Do know which career path you’re on? Where do you see yourself in five, 10 or 20 years? What job or organization will help you get there?
If you answered “I don’t know” to any of those questions, you should consider doing an internship!
I see internships as short-term positions that allow you to have an insider’s look at various industries, companies, jobs and career paths without committing.
Don’t rush to start your first job and find out you don’t like it! With internships that range from three months to a year, you’ll discover if that is the career path you’d like to commit your life to.
Remember, you’ll be working for about 40 more years. Make sure it’s something you enjoy!
Internships vs. entry level jobs
With internships, managers and supervisors are more than your mentors. They will teach you your job. You’re free to try a lot of interesting things, and you may even get your hands on projects unrelated to you job. Often your projects are small and short so you’ll see results (and get feedback) before your internship ends.
If you realize that your true calling is in a different field, you can ask your managers to do different jobs in the company or wait until the internship ends.
In an official, real job, you are hired to do fulfill a role. Not all managers and supervisors will teach you how to do your job. You won’t get your hands on many unrelated projects because you weren’t hired for those. If you really want to get your hands on something interesting and unrelated to your work, some companies will allow it, but you still need to focus on your main job.
If you realize that you absolutely despise your work, you may need to quit! Also, some employers will not hire job-hopping people.
How to make the most of your internship
Your reasons for doing an internship should be to understand yourself, the industry, the company and whether you’d like to spend your life doing this type of work.
To learn the most in those few weeks or months, be open to learning!
- Try new things. Experience as many projects as you can during your internship, however unrelated to your work. Who knows? You might enjoy it.
- Ask for feedback. It’s easy to forget this when you’re already learning so much. But remember to ask for feedback before, during and after your project or task. Keep on learning!
- Take initiative! If you find an interesting project you’d like to do, go for it! In some cases, other employees have already started that awesome project.
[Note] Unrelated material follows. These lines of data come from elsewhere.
Lemma orbit_sum_fixed x : sigma (orbit_sum x) = orbit_sum x.
Proof.
move: (sigma_order x); rewrite /orbit_sum (lin_sum sigma_lin) -(prednK m_gt0).
move=> sig_m; rewrite big_ord_recr big_ord_recl /= -[sigma (sig _ x)]/(sig m.-1.+1 x).
by rewrite sig_m addrC; congr (_ + _); apply: eq_bigr.
Qed.

Lemma orbit_sum_hs x : h x -> hs (orbit_sum x).
Proof.
move=> hx; split; last exact: orbit_sum_fixed.
by apply: (subspace_sum h_sub) => i _; apply: sig_h.
Qed.

Lemma rootsp_sig al e i : (i <= m)%N -> rootsp br h al e ->
  rootsp br h (fun z => al (sig (m - i) z)) (sig i e).
Proof.
move=> im He z hz; rewrite -{1}(sig_subnK z im) -sig_br He; last exact: sig_h.
exact: linZ (sig_lin i) _ _.
Qed.

Lemma rootsp_fixed_sig al e i : rootsp br h al e -> rootsp br hs al (sig i e).
Proof.
move=> He y [hy sy]; rewrite -{1}(sig_fixed i sy) -sig_br He //.
exact: linZ (sig_lin i) _ _.
Qed.

Lemma rootsp_fixed_orbit_sum al e : rootsp br h al e -> rootsp br hs al (orbit_sum e).
Proof.
move=> He; apply: (subspace_sum (rootsp_subspace br_lie _ _)) => i _.
exact: rootsp_fixed_sig.
Qed.

(* Since [m] is prime, any [0 < e < m] generates the cyclic group [<sigma>]. *)
Lemma weight_sigma_inv (be : V -> C) e : (0 < e < m)%N ->
  eqh h (fun z => be (sig e z)) be -> forall z, h z -> be (sigma z) = be z.
Proof.
case/andP=> e_gt0 e_lt_m be_e.
have be_ke k z : h z -> be (sig (k * e) z) = be z.
  elim: k z => [//|k IH] z hz.
  by rewrite mulSn iterD be_e ?IH //; apply: sig_h.
have [a _] := Bezoutl e m_gt0.
have /eqP -> : coprime m e by rewrite prime_coprime // gtnNdvd.
case/dvdnP=> q aeE z hz; rewrite -(be_ke a (sigma z)); last exact/(sigma_h _).1.
by rewrite -[sigma z]/(sig 1 z) -iterD addnC aeE mulnC sig_mul.
Qed.

Lemma weight_orbit_sum (be : V -> C) z : hdual h be ->
  (forall z, h z -> be (sigma z) = be z) -> h z -> be (orbit_sum z) = m%:R * be z.
Proof.
move=> be_lin be_sigma hz; have be_sig i : be (sig i z) = be z.
  by elim: i => [|i IH] //=; rewrite be_sigma ?IH //; apply: sig_h.
rewrite /orbit_sum (hdual_sum _ h_sub be_lin) => [|i _]; last exact: sig_h.
by rewrite (eq_bigr (fun=> be z)) ?sumr_const ?card_ord ?mulr_natl.
Qed.

Lemma weight_sigma_inv_eq0 (be : V -> C) : hdual h be ->
  (forall z, h z -> be (sigma z) = be z) -> (forall y, hs y -> be y = 0) ->
  eqh h be (fun _ => 0).
Proof.
move=> be_lin be_sigma be_fixed z hz; apply/eqP.
rewrite -(mulrI_eq0 _ (lregP natr_m_neq0)) -weight_orbit_sum // be_fixed //.
exact: orbit_sum_hs.
Qed.

Lemma rootsp_fixed0_h be t : rootsp br h be t -> (forall y, hs y -> be y = 0) -> h t.
Proof.
move=> Ht be_fixed.
have [be0|be_ne0] := pselect (eqh h be (fun _ => 0)).
  by apply/g0_h; apply: rootsp_eqh be0 Ht.
have [->|t_ne0] := eqVneq t 0; first exact: subspace0.
have be_lin := rootsp_hdual br_lie h_sub t_ne0 Ht.
have be_orbit e : (0 < e < m)%N -> ~ eqh h (fun z => be (sig e z)) be.
  move=> e_range /(weight_sigma_inv e_range) be_sigma.
  exact/be_ne0/(weight_sigma_inv_eq0 be_lin be_sigma be_fixed).
have hq : h (orbit_sum t).
  apply/(fixed_centralizer (orbit_sum_fixed t)) => y hy sy.
  by rewrite (rootsp_fixed_orbit_sum Ht) // be_fixed // scale0r.
suff -> : t = 0 by exact: subspace0.
apply: (rootsp_indep br_lie (r := None :: [seq Some i | i <- index_enum 'I_m.-1])
  (P := xpredT) (al := fun o => if o is Some i then fun z => be (sig (m - i.+1) z)
                               else fun _ => 0)
  (x := fun o => if o is Some i then sig i.+1 t else - orbit_sum t) Ht).
  case=> [i|] _; split.
  - by apply: rootsp_sig => //; have := ltn_ord i; lia.
  - by apply: be_orbit; have := ltn_ord i; lia.
  - by apply: (subspaceN (rootsp_subspace br_lie h _)); apply/g0_h.
  - by move=> be0; apply: be_ne0 => z /be0.
rewrite big_cons big_map /orbit_sum -(prednK m_gt0) big_ord_recl.
by rewrite /= opprD !addrA addrN add0r addNr.
Qed.

Lemma centralizer_fixed_h x : (forall y, hs y -> br y x = 0) -> h x.
Proof.
move=> x_cent; have [n [al [xs [Hxs xE]]]] := root_decomp x; rewrite xE.
have Hxs_fixed i : rootsp br hs (al i) (xs i) by move=> y [hy _]; apply: (Hxs i).2.
pose P i := `[< eqh hs (al i) (fun _ => 0) >].
suff -> : \sum_i xs i = \sum_(i | P i) xs i.
  apply: (subspace_sum h_sub) => i /asboolP Pi.
  by apply: rootsp_fixed0_h (Hxs i).2 _ => y /Pi.
apply/eqP; rewrite eq_sym -subr_eq0; apply/eqP.
apply: (rootsp_indep br_lie (r := index_enum 'I_n) (P := predC P) (x := xs) (al := al)
  (gam := fun _ => 0)).
- apply: (subspaceB (rootsp_subspace br_lie _ _)).
    apply: (subspace_sum (rootsp_subspace br_lie _ _)) => i /asboolP Pi.
    exact: rootsp_eqh Pi (Hxs_fixed i).
  by move=> y hy; rewrite -xE x_cent // scale0r.
- by move=> i /asboolP nPi; split.
- by rewrite [in X in _ - X](bigID P) /= opprD addrA addrN add0r addNr.
Qed.

Lemma rootsp_fixed0_weight0 al e : rootsp br h al e -> e != 0 ->
  (forall y, hs y -> al y = 0) -> eqh h al (fun _ => 0).
Proof.
move=> He e_neq0 al_fixed0 z hz; have /eqP := He z hz.
rewrite (h_abelian hz (rootsp_fixed0_h He al_fixed0)) eq_sym scaler_eq0 (negbTE e_neq0) orbF.
by move/eqP.
Qed.

Variable w : C.
Hypothesis w_prim : m.-primitive_root w.

Local Notation pik := (pik sigma m w).

Lemma w_neq0 : w != 0.
Proof. by rewrite (prim_root_eq0 w_prim) -lt0n m_gt0. Qed.

Lemma expfzD_w (a b : int) : w ^ (a + b) = w ^ a * w ^ b.
Proof. exact: expfzDr w_neq0. Qed.

Lemma expw_mul_m (k : int) : w ^ (m%:Z * k) = 1.
Proof. by rewrite -exprz_exp -exprnP (prim_expr_order w_prim) exp1rz. Qed.

Lemma pik_lin k : linear (pik k).
Proof.
move=> a x y; rewrite /pik [in RHS]scalerA [a * _]mulrC -scalerA -scalerDr.
rewrite [a *: \sum_(i < m) _]scaler_sumr -big_split /=.
by congr (_ *: _); apply: eq_bigr => i _; rewrite (sig_lin i) scalerDr !scalerA mulrC.
Qed.

Lemma pik_sigma k x : sigma (pik k x) = w ^ k *: pik k x.
Proof.
rewrite /pik (linZ sigma_lin) (lin_sum sigma_lin) [in RHS]scalerA [_ * _]mulrC.
rewrite -[in RHS]scalerA; congr (_ *: _); rewrite scaler_sumr.
move: (sigma_order x); rewrite -(prednK m_gt0) => sig_m.
rewrite big_ord_recr big_ord_recl /= addrC (linZ sigma_lin).
rewrite -[sigma (sig _ x)]/(sig m.-1.+1 x) sig_m scalerA; congr (_ + _).
  congr (_ *: _); rewrite mul0r oppr0 expr0z mulr1 -[LHS]mul1r -(expw_mul_m k).
  rewrite -expfzD_w; congr (w ^ _).
  by rewrite -[in X in X * k](prednK m_gt0) -addn1 PoszD; ring.
apply: eq_bigr => i _; rewrite (linZ sigma_lin) scalerA -expfzD_w.
by congr (w ^ _ *: _); rewrite /bump /= add1n -addn1 PoszD; ring.
Qed.

Lemma sig_eigen k x i : sigma x = w ^ k *: x -> sig i x = w ^ ((i : nat)%:Z * k) *: x.
Proof.
move=> sx; elim: i => [|i IH] /=; first by rewrite mul0r expr0z scale1r.
rewrite IH (linZ sigma_lin) sx scalerA -expfzD_w.
by congr (w ^ _ *: _); rewrite -addn1 PoszD; ring.
Qed.

Lemma pik_id k x : sigma x = w ^ k *: x -> pik k x = x.
Proof.
move=> sx; rewrite /pik (eq_bigr (fun=> x)) => [|i _]; last first.
  by rewrite (sig_eigen _ sx) scalerA -expfzD_w addNr expr0z scale1r.
by rewrite sumr_const card_ord -scaler_nat scalerA mulVf ?scale1r // natr_m_neq0.
Qed.

Lemma sum_prim_root_pow (i j : nat) : (i < m)%N -> (j < m)%N ->
  \sum_(a < m) w ^ ((a : nat)%:Z * (j%:Z - i%:Z)) = (i == j)%:R * m%:R.
Proof.
move=> im jm; have [->|ne] := eqVneq i j.
  rewrite subrr (eq_bigr (fun=> 1)) => [|a _]; last by rewrite mulr0 expr0z.
  by rewrite sumr_const card_ord mul1r.
rewrite mul0r; set u := w ^ (j%:Z - i%:Z).
rewrite (eq_bigr (fun a : 'I_m => u ^+ a)) => [|a _]; last by rewrite mulrC -exprz_exp -exprnP.
have u_m : u ^+ m = 1 by rewrite /u exprnP exprz_exp mulrC expw_mul_m.
have u_neq1 : u != 1.
  apply: contra ne => /eqP u1.
  rewrite -(modn_small im) -(modn_small jm) -(eq_prim_root_expr w_prim).
  by rewrite !exprnP -[j%:Z](subrK i%:Z) expfzD_w -/u u1 mul1r.
by have /esym/eqP := subrX1 u m; rewrite u_m subrr mulf_eq0 subr_eq0 (negbTE u_neq1) => /eqP.
Qed.

(* Expanding both sides over [i, j < m], [sum_prim_root_pow] kills the terms
   with [i != j]. *)
Lemma pik_br_sum e f (k : int) :
  \sum_(a < m) br (pik (a : nat)%:Z e) (pik (k - (a : nat)%:Z) f) = pik k (br e f).
Proof.
set c := (m%:R : C)^-1.
have pikE (a : 'I_m) : br (pik (a : nat)%:Z e) (pik (k - (a : nat)%:Z) f) =
    \sum_(i < m) \sum_(j < m) (c * c * (w ^ (- ((i : nat)%:Z * (a : nat)%:Z)) *
      w ^ (- ((j : nat)%:Z * (k - (a : nat)%:Z))))) *: br (sig i e) (sig j f).
  rewrite /pik (brZl br_lie) (brZr br_lie) (br_suml br_lie) scalerA scaler_sumr.
  apply: eq_bigr => i _; rewrite (brZl br_lie) (br_sumr br_lie) !scaler_sumr.
  by apply: eq_bigr => j _; rewrite (brZr br_lie) !scalerA; congr (_ *: _); rewrite /c; ring.
rewrite (eq_bigr _ (fun a _ => pikE a)) exchange_big /= /pik scaler_sumr.
apply: eq_bigr => i _; rewrite exchange_big /= (bigD1 i) //= [X in _ + X]big1 ?addr0.
  rewrite -scaler_suml (eq_bigr (fun=> c * c * w ^ (- ((i : nat)%:Z * k)))) => [|a _].
    rewrite sumr_const card_ord -mulr_natr -sig_br scalerA; congr (_ *: _).
    transitivity ((c * m%:R) * (c * w ^ (- ((i : nat)%:Z * k)))); first by ring.
    by rewrite mulVf ?mul1r // natr_m_neq0.
  by rewrite -expfzD_w; congr (_ * w ^ _); ring.
move=> j ne; rewrite -scaler_suml.
rewrite (eq_bigr (fun a : 'I_m => c * c * w ^ (- ((j : nat)%:Z * k)) *
           w ^ ((a : nat)%:Z * ((j : nat)%:Z - (i : nat)%:Z)))) => [|a _].
  by rewrite -mulr_sumr sum_prim_root_pow // val_eqE eq_sym (negbTE ne) !mul0r mulr0 scale0r.
by rewrite -[RHS]mulrA -!expfzD_w; congr (_ * w ^ _); ring.
Qed.

Lemma rootsp_fixed_pik al e k : rootsp br h al e -> rootsp br hs al (pik k e).
Proof.
move=> He; apply: (subspaceZ (rootsp_subspace br_lie _ _)).
apply: (subspace_sum (rootsp_subspace br_lie _ _)) => i _.
exact/(subspaceZ (rootsp_subspace br_lie _ _))/rootsp_fixed_sig.
Qed.

Lemma in_aff_tk k v : sigma v = w ^ k *: v -> in_aff sigma w (aff_tk k v).
Proof.
move=> sv; split=> [|n /=]; last by case: ifP => [/eqP -> //|_]; rewrite lin0 // scaler0.
by exists `|k|%N; apply: bounded_tk.
Qed.

Variable B : V -> V -> C.

Lemma kdelta_spaceP k : k != 0 -> forall X,
  kdelta_space br B h sigma w k X <-> pik_h_tk h sigma m w k X.
Proof.
move=> k0 X; split=> [[[_ X_sigma] X_root]|[y [hy ->]]].
  have d_htilde : in_htilde h sigma (Aff (fun _ => 0) 0 1).
    by split=> //; [exact: subspace0 | exact: lin0].
  have XE := aff_d_eigen br_lie k0 (X_root _ d_htilde).
  exists (aloop X k); split; last by rewrite pik_id.
  apply: centralizer_fixed_h => y [hy sy].
  have y_htilde : in_htilde h sigma (aff_tk 0 y) by split=> //= n /negbTE ->.
  move: (congr1 (fun Y => aloop Y k) (X_root _ y_htilde)); rewrite aff_br0E /=.
  by rewrite (negbTE k0) mul0r mulr0 !scale0r scaler0 subr0 addr0.
split; first exact/in_aff_tk/pik_sigma.
move=> H [H0 hH sH]; rewrite (aff_br_htilde_tk _ _ _ H0 (al := fun _ => 0)) ?add0r //.
by apply: (rootsp_fixed_pik (al := fun _ => 0)) => //; apply/g0_h.
Qed.

Section Core.
Hypothesis form_good : good_form br B.
Hypothesis B_sigma : forall x y, B (sigma x) (sigma y) = B x y.
Hypothesis g_findim : finite_dim (fun _ : V => True).
Hypothesis g_simple : simple_lie br.

Lemma B_rootsp_orth al be e f : rootsp br h al e -> rootsp br h be f ->
  ~ eqh h (fun y => al y + be y) (fun _ => 0) -> B e f = 0.
Proof.
move=> He Hf /eqhPn [y hy /negbTE ab_y].
have : (al y + be y) * B e f = 0.
  rewrite mulrDl -(BZl form_good) -(BZr form_good) -He // -Hf //.
  by rewrite -(B_invariant form_good) [br e y](brC br_lie) (BNl form_good) addrN.
by move/eqP; rewrite mulf_eq0 ab_y => /eqP.
Qed.

Lemma form_nondeg_h u : h u -> (forall y, h y -> B y u = 0) -> u = 0.
Proof.
move=> hu u_orth; case: form_good => _ _ nondeg _; apply: nondeg => z.
have [n [al [xs [Hxs ->]]]] := root_decomp z.
rewrite (B_sumr form_good) big1 // => i _.
have [al0|al_neq0] := pselect (eqh h (al i) (fun _ => 0)).
  by rewrite (BC form_good) u_orth //; apply/g0_h/(rootsp_eqh al0 (Hxs i).2).
apply: B_rootsp_orth (proj2 (g0_h u) hu) (Hxs i).2 _ => al_eq0.
by apply: al_neq0 => y /al_eq0; rewrite add0r.
Qed.

Lemma B_sig i x y : B (sig i x) (sig i y) = B x y.
Proof. by elim: i x y => [|i IH] x y //=; rewrite B_sigma IH. Qed.

Lemma B_orbit_sum_fixed y x : sigma y = y -> B y (orbit_sum x) = m%:R * B y x.
Proof.
move=> sy; rewrite (B_sumr form_good) (eq_bigr (fun=> B y x)) => [|i _].
  by rewrite sumr_const card_ord mulr_natl.
by rewrite -{1}(sig_fixed i sy) B_sig.
Qed.

Lemma B_orbit_sum_orth al be e f : rootsp br h al e -> rootsp br h be f ->
  eqh h (fun y => al y + be y) (fun _ => 0) ->
  ~ (forall z, h z -> al (sigma z) = al z) -> B (orbit_sum e) f = B e f.
Proof.
move=> He Hf Hab al_sigma_neq.
rewrite /orbit_sum (B_suml form_good) -(prednK m_gt0) big_ord_recl /= big1 ?addr0 // => i _.
have i_lt := ltn_ord i; apply: (B_rootsp_orth (rootsp_sig (i := i.+1) _ He) Hf); first lia.
move=> al_be0; apply: al_sigma_neq; apply: (weight_sigma_inv (e := m - i.+1)); first lia.
by move=> z hz; apply: (addIr (be z)); rewrite (al_be0 z hz) (Hab z hz).
Qed.

Lemma B_orbit_sum_br al e f y : rootsp br h al e -> hs y ->
  B y (orbit_sum (br e f)) = al y * (m%:R * B e f).
Proof.
by move=> He [hy sy]; rewrite B_orbit_sum_fixed // (B_br_weight form_good _ He hy) mulrCA.
Qed.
Here’s what you can do: Listen during team meetings, understand the current problems, research and surprise them with a proposal!
- Use your time wisely. Sometimes you’ll get slow, unproductive days when managers are too busy for you (it happens!). Take this time to learn something on your own, like reading industry news, learning a new skill online, writing in a different language, etc.
- Other employees are your mentors too. Your co-workers – the guy from the development team, the sales girl and everyone else – are happy to share their experiences after graduation. How did they end up where they are, and are they happy with their jobs? You will get personal advice on your career, life decisions and learn how to take more risks.
One last tip I’d like to share is: If you still haven’t figured out what you want to do after an internship (or even two), at least you’ll know what you don’t like!